▸ **EXERCISE DIRECTIONS**
Beneath this task are records; print exactly the stretch of them from the line with "destruct (geometric_cauchy_head (fun" through the line with "(forall j, Rabs (c", both ends included.

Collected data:
(* Suppose that the comparison equation $(-\Delta+V^0)\phi=0$ has a solution basis $\phi^\pm$ such that $\lim_{n \to \infty}\phi_n^- = 0$, $|\phi_n^+|$ is monotonically nondecreasing for sufficiently large $n$, and $\beta_n := (V_n - V^0_n)/W$ satisfies $\beta_n (1 + |\phi_n^+ \phi_n^-|^2) \in\ell^1$. Then for $N$ sufficiently large, ${\cal M}$ is a contraction on ${\cal B}_N$. Consequently, there exists a unique solution $\psi^-$ of $(-\Delta+V)\psi=0$ such that $\psi_n^- = a_n^+ \phi_n^+ + a_n^- \phi_n^-$, where $\lim_{n \to \infty}{a_n^+} = 0$ and $\lim_{n \to \infty}{a_n^-} = 1$. Moreover, if we define $\widehat{\psi}_n^- := \max_{m \ge n}{|\phi_m^-|}$, then $\psi_n^- = \phi_n^- + r_n \widehat{\psi}_n^-$, with $\lim_{n \to \infty}{r_n} = 0$.
   Context: On the positive integers, $(\Delta f)_n = f_{n+1}+f_{n-1}-2f_n$, and one considers $(-\Delta+V)\psi=0$ and the comparison equation $(-\Delta+V^0)\phi=0$ with real potentials $V_n, V^0_n$. For independent solutions $\phi^\pm$ of the comparison equation, $W = \phi^-_n\phi^+_{n+1}-\phi^-_{n+1}\phi^+_n$ is their (constant) Wronskian and $\beta_n = (V_n-V^0_n)/W$. Solutions of $(-\Delta+V)\psi=0$ are written $\psi_n = a_n^+\phi_n^+ + a_n^-\phi_n^-$ with variable coefficients. The weighted Banach space is ${\cal B}_N=\{\mathbf{X}=(X^+_n,X^-_n)^T : \|\mathbf{X}\|_N := \sup_{n\ge N}(|(\phi^+_n)^2X^+_n|+|X^-_n|)<\infty\}$, and ${\cal M}$ is the linear operator $({\cal M}\mathbf{X})_n := \sum_{k=0}^\infty \beta_{n+k}\begin{pmatrix}\phi^+_{n+k}\phi^-_{n+k} & (\phi^-_{n+k})^2\\ -(\phi^+_{n+k})^2 & -\phi^+_{n+k}\phi^-_{n+k}\end{pmatrix}\mathbf{X}_{n+k}$; the coefficient vector $\mathbf{a}=(a^+_n,a^-_n)^T$ solves $\mathbf{a} = (0,1)^T - {\cal M}\mathbf{a}$. *)

From Stdlib Require Import Reals Lra Lia.
From Coquelicot Require Import Coquelicot.
Open Scope R_scope.

(* Sequences are functions nat -> R; the equation is imposed at every
   positive integer n >= 1, the value at 0 playing the role of the boundary
   value needed by Delta at n = 1. *)

Definition Delta (f : nat -> R) (n : nat) : R :=
  f (S n) + f (pred n) - 2 * f n.

Definition is_sol (V : nat -> R) (psi : nat -> R) : Prop :=
  forall n : nat, (1 <= n)%nat -> - Delta psi n + V n * psi n = 0.

Definition Wr (phip phim : nat -> R) (n : nat) : R :=
  phim n * phip (S n) - phim (S n) * phip n.

Definition W (phip phim : nat -> R) : R := Wr phip phim 1.

Definition beta (V V0 phip phim : nat -> R) (n : nat) : R :=
  (V n - V0 n) / W phip phim.

Definition wt (phip : nat -> R) (Xp Xm : nat -> R) (n : nat) : R :=
  Rabs ((phip n) ^ 2 * Xp n) + Rabs (Xm n).

Definition inB (phip : nat -> R) (N : nat) (Xp Xm : nat -> R) : Prop :=
  exists B : R, forall n : nat, (N <= n)%nat -> wt phip Xp Xm n <= B.

Definition normB (phip : nat -> R) (N : nat) (Xp Xm : nat -> R) : R :=
  real (Sup_seq (fun k => Finite (wt phip Xp Xm (N + k)%nat))).

Definition Mterm_p (V V0 phip phim Xp Xm : nat -> R) (n k : nat) : R :=
  beta V V0 phip phim (n + k)%nat *
    (phip (n + k)%nat * phim (n + k)%nat * Xp (n + k)%nat + (phim (n + k)%nat) ^ 2 * Xm (n + k)%nat).

Definition Mterm_m (V V0 phip phim Xp Xm : nat -> R) (n k : nat) : R :=
  beta V V0 phip phim (n + k)%nat *
    (- (phip (n + k)%nat) ^ 2 * Xp (n + k)%nat - phip (n + k)%nat * phim (n + k)%nat * Xm (n + k)%nat).

Definition Mp (V V0 phip phim Xp Xm : nat -> R) (n : nat) : R :=
  Series (Mterm_p V V0 phip phim Xp Xm n).

Definition Mm (V V0 phip phim Xp Xm : nat -> R) (n : nat) : R :=
  Series (Mterm_m V V0 phip phim Xp Xm n).

(* M is a (well-defined) contraction on B_N: for X in B_N the defining
   series converge at every n >= N, M X lies in B_N, and
   ||M X||_N <= c ||X||_N for a fixed c < 1 (M is linear). *)
Definition is_contraction_on_B (V V0 phip phim : nat -> R) (N : nat) : Prop :=
  exists c : R, 0 <= c < 1 /\
    forall Xp Xm : nat -> R, inB phip N Xp Xm ->
      (forall n : nat, (N <= n)%nat ->
          ex_series (Mterm_p V V0 phip phim Xp Xm n) /\
          ex_series (Mterm_m V V0 phip phim Xp Xm n)) /\
      inB phip N (Mp V V0 phip phim Xp Xm) (Mm V V0 phip phim Xp Xm) /\
      normB phip N (Mp V V0 phip phim Xp Xm) (Mm V V0 phip phim Xp Xm)
        <= c * normB phip N Xp Xm.

Definition fixed_eq (V V0 phip phim : nat -> R) (N : nat) (ap am : nat -> R) : Prop :=
  forall n : nat, (N <= n)%nat ->
    ap n = 0 - Mp V V0 phip phim ap am n /\
    am n = 1 - Mm V V0 phip phim ap am n.

Definition good_coeffs (V V0 phip phim psi : nat -> R) (N : nat) (ap am : nat -> R) : Prop :=
  inB phip N ap am /\
  fixed_eq V V0 phip phim N ap am /\
  (forall n : nat, (N <= n)%nat -> psi n = ap n * phip n + am n * phim n) /\
  is_lim_seq ap 0 /\ is_lim_seq am 1.

Definition hatpsi (phim : nat -> R) (n : nat) : R :=
  real (Sup_seq (fun k => Finite (Rabs (phim (n + k)%nat)))).

From Stdlib Require Import Reals Lra Lia.
From Coquelicot Require Import Coquelicot.
Open Scope R_scope.

(* The first-order system a_{n+1} - a_n = beta_n psi_n (phi^-_n, -phi^+_n) for the
   coefficients of psi = a^+ phi^+ + a^- phi^- is equivalent to the difference equation
   (variation of constants), and summing it from infinity gives a = (0,1) - M a.  Writing
   the k-th summand of M X as beta_k (phi^-_k, -phi^+_k) (X^+_k phi^+_k + X^-_k phi^-_k),
   the weight (phi^+_n)^2 and the monotonicity of |phi^+| bound every summand by
   (3/2) ||X||_N |beta_k| (1 + |phi^+_k phi^-_k|^2); so M has norm at most
   3 sum_{k >= N} |beta_k| (1 + |phi^+_k phi^-_k|^2), which is below 1/2 for large N.
   Picard iteration gives the fixed point, and the same estimates on the tail of the
   series give a^+ -> 0, a^- -> 1 and, since |phi^-_k| <= hatpsi_n for k >= n,
   |psi_n - phi^-_n| = O(hatpsi_n sum_{k >= n} |beta_k| (1 + |phi^+_k phi^-_k|^2)). *)

(** * Sequences and series *)

Lemma series_le_majorant (a c : nat -> R) :
  ex_series c -> (forall k, Rabs (a k) <= c k) -> ex_series a /\ Rabs (Series a) <= Series c.
Proof.
  intros Hc Hac.
  assert (Habs : ex_series (fun k => Rabs (a k))).
  { apply (@ex_series_le R_AbsRing R_CompleteNormedModule) with c; [|exact Hc].
    intro k. change (Rabs (Rabs (a k)) <= c k). rewrite Rabs_Rabsolu. apply Hac. }
  split; [now apply ex_series_Rabs|].
  apply Rle_trans with (1 := Series_Rabs a Habs).
  apply Series_le; [|exact Hc]. intro k. split; [apply Rabs_pos|apply Hac].
Qed.

Lemma is_lim_seq_dominated (u e : nat -> R) (l : R) (N : nat) :
  is_lim_seq e 0 -> (forall n, (N <= n)%nat -> Rabs (u n - l) <= e n) -> is_lim_seq u l.
Proof.
  intros He Hue. apply is_lim_seq_spec. apply is_lim_seq_spec in He.
  intro eps. destruct (He eps) as [N' HN']. exists (max N N'). intros n Hn.
  specialize (HN' n ltac:(lia)). rewrite Rminus_0_r in HN'.
  apply Rle_lt_trans with (1 := Hue n ltac:(lia)). eapply Rle_lt_trans; [apply Rle_abs|exact HN'].
Qed.

Lemma is_lim_seq_scal_0 (c : R) (u : nat -> R) : is_lim_seq u 0 -> is_lim_seq (fun n => c * u n) 0.
Proof.
  intro Hu. replace (Finite 0) with (Rbar_mult c 0) by (simpl; f_equal; ring).
  now apply is_lim_seq_scal_l.
Qed.

Lemma is_lim_seq_half_pow (c : R) : is_lim_seq (fun j => c * (/2) ^ j) 0.
Proof. apply is_lim_seq_scal_0, is_lim_seq_geom. rewrite Rabs_pos_eq; lra. Qed.

Lemma is_lim_seq_series_tail (a : nat -> R) :
  ex_series a -> is_lim_seq (fun n => Series (fun k => a (n + k)%nat)) 0.
Proof.
  intro Ha. apply is_lim_seq_incr_1.
  apply is_lim_seq_ext with (fun n => Series a - sum_n a n).
  { intro n. rewrite (Series_incr_n a (S n)), sum_n_Reals by (lia || exact Ha). simpl. ring. }
  replace (Finite 0) with (Finite (Series a - Series a)) by (f_equal; ring).
  apply is_lim_seq_minus'; [apply is_lim_seq_const|exact (Series_correct a Ha)].
Qed.

Lemma geometric_cauchy_head (u : nat -> R) (K q : R) : 0 <= q < 1 ->
  (forall j, Rabs (u (S j) - u j) <= K * q ^ j) ->
  exists l : R, is_lim_seq u l /\ Rabs (u O - l) <= K / (1 - q).
Proof.
  intros Hq Hu. set (d j := u (S j) - u j).
  assert (Hgeom : ex_series (fun j => K * q ^ j)).
  { apply (@ex_series_scal_l R_AbsRing R_NormedModule K).
    apply ex_series_geom. rewrite Rabs_pos_eq; lra. }
  destruct (series_le_majorant d _ Hgeom Hu) as [Hd Hsum].
  assert (Hpartial : forall n, sum_n d n = u (S n) - u O).
  { induction n as [|n IH]; [rewrite sum_O; reflexivity|].
    rewrite sum_Sn, IH. unfold d, plus; simpl. ring. }
  exists (u O + Series d). split.
  - apply is_lim_seq_incr_1.
    apply is_lim_seq_ext with (fun n => u O + sum_n d n).
    { intro n. rewrite Hpartial. ring. }
    apply (is_lim_seq_plus' _ _ (u O) (Series d));
      [apply is_lim_seq_const|exact (Series_correct d Hd)].
  - rewrite Series_scal_l, Series_geom in Hsum by (rewrite Rabs_pos_eq; lra).
    replace (u O - (u O + Series d)) with (- Series d) by ring.
    rewrite Rabs_Ropp. exact Hsum.
Qed.

Lemma geometric_cauchy (u : nat -> R) (K q : R) : 0 <= q < 1 ->
  (forall j, Rabs (u (S j) - u j) <= K * q ^ j) ->
  exists l : R, is_lim_seq u l /\ forall j, Rabs (u j - l) <= K * q ^ j / (1 - q).
Proof.
  intros Hq Hu. destruct (geometric_cauchy_head u K q Hq Hu) as [l [Hl _]].
  exists l. split; [exact Hl|]. intro j.
  destruct (geometric_cauchy_head (fun i => u (j + i)%nat) (K * q ^ j) q Hq) as [l' [Hl' Hj]].
  { intro i. replace (j + S i)%nat with (S (j + i)) by lia.
    rewrite Rmult_assoc, <- pow_add. apply Hu. }
  replace l with l'; [rewrite Nat.add_0_r in Hj; exact Hj|].
  apply (is_lim_seq_incr_n u j) in Hl.
  apply (is_lim_seq_ext _ (fun i => u (j + i)%nat)) in Hl; [|intro; f_equal; lia].
  apply is_lim_seq_unique in Hl, Hl'. rewrite Hl in Hl'. now injection Hl'.
Qed.

Lemma Lim_seq_geometric (c : R) (u : nat -> R) (K q : R) : c <> 0 -> 0 <= q < 1 ->
  (forall j, Rabs (c * (u (S j) - u j)) <= K * q ^ j) ->
  is_lim_seq u (Lim_seq u) /\ forall j, Rabs (c * (u j - Lim_seq u)) <= K * q ^ j / (1 - q).
Proof.
  intros Hc Hq Hu.
  destruct (geometric_cauchy (fun j => c * u j) K q Hq) as [l [Hl Hle]].
  { intro j. rewrite <- Rmult_minus_distr_l. apply Hu. }
  assert (Hlim : is_lim_seq u (/ c * l)).
  { apply is_lim_seq_ext with (fun j => / c * (c * u j)); [intro j; field; exact Hc|].
    now apply (is_lim_seq_scal_l _ (/ c) l). }
  rewrite (is_lim_seq_unique _ _ Hlim). split; [exact Hlim|].
  intro j. simpl. replace (c * (u j - / c * l)) with (c * u j - l) by (field; exact Hc). apply Hle.
Qed.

▸ **ANSWER BOX**
  destruct (geometric_cauchy_head (fun i => u (j + i)%nat) (K * q ^ j) q Hq) as [l' [Hl' Hj]].
  { intro i. replace (j + S i)%nat with (S (j + i)) by lia.
    rewrite Rmult_assoc, <- pow_add. apply Hu. }
  replace l with l'; [rewrite Nat.add_0_r in Hj; exact Hj|].
  apply (is_lim_seq_incr_n u j) in Hl.
  apply (is_lim_seq_ext _ (fun i => u (j + i)%nat)) in Hl; [|intro; f_equal; lia].
  apply is_lim_seq_unique in Hl, Hl'. rewrite Hl in Hl'. now injection Hl'.
Qed.

Lemma Lim_seq_geometric (c : R) (u : nat -> R) (K q : R) : c <> 0 -> 0 <= q < 1 ->
  (forall j, Rabs (c * (u (S j) - u j)) <= K * q ^ j) ->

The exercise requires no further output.